_Provided material_
(** * Orthogonality *)

Section Orthogonality.
Context (R : realType) (dT : measure_display) (T : measurableType dT) (P : probability T R).
Variables (l d : nat) (X : 'I_l -> T -> R) (Y : 'I_d -> T -> R) (rho : mpol l R)
  (Pp : nat -> mindex l -> mpol l R) (Rs : mindex d -> mpol d R).
Local Notation Z := (Zof rho X Y).
Hypotheses (mX : forall i, measurable_fun setT (X i))
  (XZ : indep_vec P X Z)
  (momX : forall i p, P.-integrable setT (fun w => (X i w ^+ p)%:E))
  (momZ : forall j p, P.-integrable setT (fun w => (Z j w ^+ p)%:E))
  (orth_Pp : forall m (k k' : mindex l), mpoly.multinom_val k != mpoly.multinom_val k' ->
     (\int[P]_w (peval (vec_at X w) (Pp m k) * peval (vec_at X w) (Pp m k')
                 * peval (vec_at X w) rho ^+ (2 * m))%:E = 0)%E)
  (orth_Rs : forall (s s' : mindex d), mpoly.multinom_val s != mpoly.multinom_val s' ->
     (\int[P]_w (peval (vec_at Z w) (Rs s) * peval (vec_at Z w) (Rs s'))%:E = 0)%E).

Lemma measurable_Zof j : measurable_fun setT (Z j).
Proof.
have /integrableP[/measurable_EFinP] := momZ j 1.
by under eq_fun do rewrite expr1.
Qed.

Lemma Gfun_mul k s k' s' w :
  Gfun rho Pp Rs k s (vec_at X w) (vec_at Y w)
  * Gfun rho Pp Rs k' s' (vec_at X w) (vec_at Y w) =
  meval_rv X (Pp (mideg s) k * Pp (mideg s') k' * rho ^+ (mideg s + mideg s')) w *
  meval_rv Z (Rs s * Rs s') w.
Proof. by rewrite /Gfun /meval_rv !mpoly.mevalM rmorphXn exprD; ring. Qed.

Lemma integral_Gfun_mul k s k' s' :
  (\int[P]_w (Gfun rho Pp Rs k s (vec_at X w) (vec_at Y w)
              * Gfun rho Pp Rs k' s' (vec_at X w) (vec_at Y w))%:E)%E =
  (\int[P]_w meval_rv X (Pp (mideg s) k * Pp (mideg s') k' * rho ^+ (mideg s + mideg s')) w
   * \int[P]_w meval_rv Z (Rs s * Rs s') w)%:E.
Proof.
have mZ := measurable_Zof.
under eq_integral do rewrite Gfun_mul.
rewrite -(meval_rv_factorizes mX mZ momX momZ XZ) fineK // integrable_fin_num //.
apply: integrable_mul_sq; try exact: meval_rv_measurable; exact: meval_rv_sq_integrable.
Qed.

Lemma Gfun_orthogonal k s k' s' :
  (\int[P]_w (Gfun rho Pp Rs k s (vec_at X w) (vec_at Y w)
              * Gfun rho Pp Rs k' s' (vec_at X w) (vec_at Y w))%:E =
   ((mpoly.multinom_val k == mpoly.multinom_val k')
      && (mpoly.multinom_val s == mpoly.multinom_val s'))%:R%:E
   * (\int[P]_w (peval (vec_at X w) (Pp (mideg s) k) ^+ 2
                 * peval (vec_at X w) rho ^+ (2 * mideg s))%:E)
   * (\int[P]_w (peval (vec_at Z w) (Rs s) ^+ 2)%:E))%E.
Proof.
have mZ := measurable_Zof.
rewrite integral_Gfun_mul.
have [es|ns] := eqVneq (mpoly.multinom_val s) (mpoly.multinom_val s'); last first.
  suff -> : \int[P]_w meval_rv Z (Rs s * Rs s') w = 0 by rewrite mulr0 andbF !mul0e.
  apply: EFin_inj; rewrite -integral_meval_rv //; apply: etrans (orth_Rs ns).
  by apply: eq_integral => w _; rewrite /meval_rv mpoly.mevalM.
have {es} <- : s = s' := val_inj es.
have [ek|nk] := eqVneq (mpoly.multinom_val k) (mpoly.multinom_val k'); last first.
  suff -> : \int[P]_w meval_rv X
      (Pp (mideg s) k * Pp (mideg s) k' * rho ^+ (mideg s + mideg s)) w = 0.
    by rewrite mul0r !mul0e.
  apply: EFin_inj; rewrite -integral_meval_rv //; apply: etrans (orth_Pp (mideg s) nk).
  by apply: eq_integral => w _; rewrite /meval_rv !mpoly.mevalM rmorphXn addnn -mul2n.
have {ek} <- : k = k' := val_inj ek.
rewrite mul1e EFinM -!integral_meval_rv //; congr (_ * _)%E.
  by apply: eq_integral => w _; rewrite /meval_rv !mpoly.mevalM rmorphXn addnn -mul2n expr2.
by apply: eq_integral => w _; rewrite /meval_rv !mpoly.mevalM expr2.
Qed.

End Orthogonality.

Theorem mainTheorem1 (R : realType) (dT : measure_display) (T : measurableType dT)
  (P : probability T R) (l d : nat)
  (X : 'I_l -> T -> R) (Y : 'I_d -> T -> R) (rho : mpol l R)
  (Pp : nat -> mindex l -> mpol l R) (Rs : mindex d -> mpol d R) :
  (0 < l)%N -> (0 < d)%N ->
  (forall i, measurable_fun setT (X i)) ->
  (forall j, measurable_fun setT (Y j)) ->
  (msz rho <= 2)%N ->
  {ae P, forall w, peval (vec_at X w) rho != 0} ->
  indep_vec P X (Zof rho X Y) ->
  (forall i (p : nat), P.-integrable setT (fun w => (X i w ^+ p)%:E)) ->
  (forall j (p : nat), P.-integrable setT (fun w => (Zof rho X Y j w ^+ p)%:E)) ->
  (forall m k, msz (Pp m k) = (mideg k).+1) ->
  (forall m (k k' : mindex l), mpoly.multinom_val k != mpoly.multinom_val k' ->
     (\int[P]_w (peval (vec_at X w) (Pp m k) * peval (vec_at X w) (Pp m k')
                 * peval (vec_at X w) rho ^+ (2 * m))%:E = 0)%E) ->
  (forall s, msz (Rs s) = (mideg s).+1) ->
  (forall (s s' : mindex d), mpoly.multinom_val s != mpoly.multinom_val s' ->
     (\int[P]_w (peval (vec_at (Zof rho X Y) w) (Rs s)
                 * peval (vec_at (Zof rho X Y) w) (Rs s'))%:E = 0)%E) ->
  (forall k s, exists g : mpol (l + d) R,
     msz g = (mideg k + mideg s).+1 /\
     forall x y, peval x rho != 0 -> peval (catv x y) g = Gfun rho Pp Rs k s x y)
  /\
  (forall k s k' s',
     (\int[P]_w (Gfun rho Pp Rs k s (vec_at X w) (vec_at Y w)
                 * Gfun rho Pp Rs k' s' (vec_at X w) (vec_at Y w))%:E =
      ((mpoly.multinom_val k == mpoly.multinom_val k')
         && (mpoly.multinom_val s == mpoly.multinom_val s'))%:R%:E
      * (\int[P]_w (peval (vec_at X w) (Pp (mideg s) k) ^+ 2
                    * peval (vec_at X w) rho ^+ (2 * mideg s))%:E)
      * (\int[P]_w (peval (vec_at (Zof rho X Y) w) (Rs s) ^+ 2)%:E))%E).
Proof.
(* [0 < l], [0 < d], the measurability of [Y] and [rho(X) != 0] a.s. are not needed:
   the moments of [Z] give its measurability, and [Zof] and [Gfun] both divide by
   [rho(X)], so they agree even where the junk value [x / 0 = 0] is used. *)
move=> _ _ mX _ rho_affine _ XZ momX momZ size_Pp orth_Pp size_Rs orth_Rs.
split=> [k s|k s k' s'].
  exact: Homogenization.homogenized_product_mpoly rho_affine (size_Pp _ k) (size_Rs s).
exact: Gfun_orthogonal.
Qed.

_Task details_
Return all the data exactly as given.

_Exercise response_
(** * Orthogonality *)

Section Orthogonality.
Context (R : realType) (dT : measure_display) (T : measurableType dT) (P : probability T R).
Variables (l d : nat) (X : 'I_l -> T -> R) (Y : 'I_d -> T -> R) (rho : mpol l R)
  (Pp : nat -> mindex l -> mpol l R) (Rs : mindex d -> mpol d R).
Local Notation Z := (Zof rho X Y).
Hypotheses (mX : forall i, measurable_fun setT (X i))
  (XZ : indep_vec P X Z)
  (momX : forall i p, P.-integrable setT (fun w => (X i w ^+ p)%:E))
  (momZ : forall j p, P.-integrable setT (fun w => (Z j w ^+ p)%:E))
  (orth_Pp : forall m (k k' : mindex l), mpoly.multinom_val k != mpoly.multinom_val k' ->
     (\int[P]_w (peval (vec_at X w) (Pp m k) * peval (vec_at X w) (Pp m k')
                 * peval (vec_at X w) rho ^+ (2 * m))%:E = 0)%E)
  (orth_Rs : forall (s s' : mindex d), mpoly.multinom_val s != mpoly.multinom_val s' ->
     (\int[P]_w (peval (vec_at Z w) (Rs s) * peval (vec_at Z w) (Rs s'))%:E = 0)%E).

Lemma measurable_Zof j : measurable_fun setT (Z j).
Proof.
have /integrableP[/measurable_EFinP] := momZ j 1.
by under eq_fun do rewrite expr1.
Qed.

Lemma Gfun_mul k s k' s' w :
  Gfun rho Pp Rs k s (vec_at X w) (vec_at Y w)
  * Gfun rho Pp Rs k' s' (vec_at X w) (vec_at Y w) =
  meval_rv X (Pp (mideg s) k * Pp (mideg s') k' * rho ^+ (mideg s + mideg s')) w *
  meval_rv Z (Rs s * Rs s') w.
Proof. by rewrite /Gfun /meval_rv !mpoly.mevalM rmorphXn exprD; ring. Qed.

Lemma integral_Gfun_mul k s k' s' :
  (\int[P]_w (Gfun rho Pp Rs k s (vec_at X w) (vec_at Y w)
              * Gfun rho Pp Rs k' s' (vec_at X w) (vec_at Y w))%:E)%E =
  (\int[P]_w meval_rv X (Pp (mideg s) k * Pp (mideg s') k' * rho ^+ (mideg s + mideg s')) w
   * \int[P]_w meval_rv Z (Rs s * Rs s') w)%:E.
Proof.
have mZ := measurable_Zof.
under eq_integral do rewrite Gfun_mul.
rewrite -(meval_rv_factorizes mX mZ momX momZ XZ) fineK // integrable_fin_num //.
apply: integrable_mul_sq; try exact: meval_rv_measurable; exact: meval_rv_sq_integrable.
Qed.

Lemma Gfun_orthogonal k s k' s' :
  (\int[P]_w (Gfun rho Pp Rs k s (vec_at X w) (vec_at Y w)
              * Gfun rho Pp Rs k' s' (vec_at X w) (vec_at Y w))%:E =
   ((mpoly.multinom_val k == mpoly.multinom_val k')
      && (mpoly.multinom_val s == mpoly.multinom_val s'))%:R%:E
   * (\int[P]_w (peval (vec_at X w) (Pp (mideg s) k) ^+ 2
                 * peval (vec_at X w) rho ^+ (2 * mideg s))%:E)
   * (\int[P]_w (peval (vec_at Z w) (Rs s) ^+ 2)%:E))%E.
Proof.
have mZ := measurable_Zof.
rewrite integral_Gfun_mul.
have [es|ns] := eqVneq (mpoly.multinom_val s) (mpoly.multinom_val s'); last first.
  suff -> : \int[P]_w meval_rv Z (Rs s * Rs s') w = 0 by rewrite mulr0 andbF !mul0e.
  apply: EFin_inj; rewrite -integral_meval_rv //; apply: etrans (orth_Rs ns).
  by apply: eq_integral => w _; rewrite /meval_rv mpoly.mevalM.
have {es} <- : s = s' := val_inj es.
have [ek|nk] := eqVneq (mpoly.multinom_val k) (mpoly.multinom_val k'); last first.
  suff -> : \int[P]_w meval_rv X
      (Pp (mideg s) k * Pp (mideg s) k' * rho ^+ (mideg s + mideg s)) w = 0.
    by rewrite mul0r !mul0e.
  apply: EFin_inj; rewrite -integral_meval_rv //; apply: etrans (orth_Pp (mideg s) nk).
  by apply: eq_integral => w _; rewrite /meval_rv !mpoly.mevalM rmorphXn addnn -mul2n.
have {ek} <- : k = k' := val_inj ek.
rewrite mul1e EFinM -!integral_meval_rv //; congr (_ * _)%E.
  by apply: eq_integral => w _; rewrite /meval_rv !mpoly.mevalM rmorphXn addnn -mul2n expr2.
by apply: eq_integral => w _; rewrite /meval_rv !mpoly.mevalM expr2.
Qed.

End Orthogonality.

Theorem mainTheorem1 (R : realType) (dT : measure_display) (T : measurableType dT)
  (P : probability T R) (l d : nat)
  (X : 'I_l -> T -> R) (Y : 'I_d -> T -> R) (rho : mpol l R)
  (Pp : nat -> mindex l -> mpol l R) (Rs : mindex d -> mpol d R) :
  (0 < l)%N -> (0 < d)%N ->
  (forall i, measurable_fun setT (X i)) ->
  (forall j, measurable_fun setT (Y j)) ->
  (msz rho <= 2)%N ->
  {ae P, forall w, peval (vec_at X w) rho != 0} ->
  indep_vec P X (Zof rho X Y) ->
  (forall i (p : nat), P.-integrable setT (fun w => (X i w ^+ p)%:E)) ->
  (forall j (p : nat), P.-integrable setT (fun w => (Zof rho X Y j w ^+ p)%:E)) ->
  (forall m k, msz (Pp m k) = (mideg k).+1) ->
  (forall m (k k' : mindex l), mpoly.multinom_val k != mpoly.multinom_val k' ->
     (\int[P]_w (peval (vec_at X w) (Pp m k) * peval (vec_at X w) (Pp m k')
                 * peval (vec_at X w) rho ^+ (2 * m))%:E = 0)%E) ->
  (forall s, msz (Rs s) = (mideg s).+1) ->
  (forall (s s' : mindex d), mpoly.multinom_val s != mpoly.multinom_val s' ->
     (\int[P]_w (peval (vec_at (Zof rho X Y) w) (Rs s)
                 * peval (vec_at (Zof rho X Y) w) (Rs s'))%:E = 0)%E) ->
  (forall k s, exists g : mpol (l + d) R,
     msz g = (mideg k + mideg s).+1 /\
     forall x y, peval x rho != 0 -> peval (catv x y) g = Gfun rho Pp Rs k s x y)
  /\
  (forall k s k' s',
     (\int[P]_w (Gfun rho Pp Rs k s (vec_at X w) (vec_at Y w)
                 * Gfun rho Pp Rs k' s' (vec_at X w) (vec_at Y w))%:E =
      ((mpoly.multinom_val k == mpoly.multinom_val k')
         && (mpoly.multinom_val s == mpoly.multinom_val s'))%:R%:E
      * (\int[P]_w (peval (vec_at X w) (Pp (mideg s) k) ^+ 2
                    * peval (vec_at X w) rho ^+ (2 * mideg s))%:E)
      * (\int[P]_w (peval (vec_at (Zof rho X Y) w) (Rs s) ^+ 2)%:E))%E).
Proof.
(* [0 < l], [0 < d], the measurability of [Y] and [rho(X) != 0] a.s. are not needed:
   the moments of [Z] give its measurability, and [Zof] and [Gfun] both divide by
   [rho(X)], so they agree even where the junk value [x / 0 = 0] is used. *)
move=> _ _ mX _ rho_affine _ XZ momX momZ size_Pp orth_Pp size_Rs orth_Rs.
split=> [k s|k s k' s'].
  exact: Homogenization.homogenized_product_mpoly rho_affine (size_Pp _ k) (size_Rs s).
exact: Gfun_orthogonal.
Qed.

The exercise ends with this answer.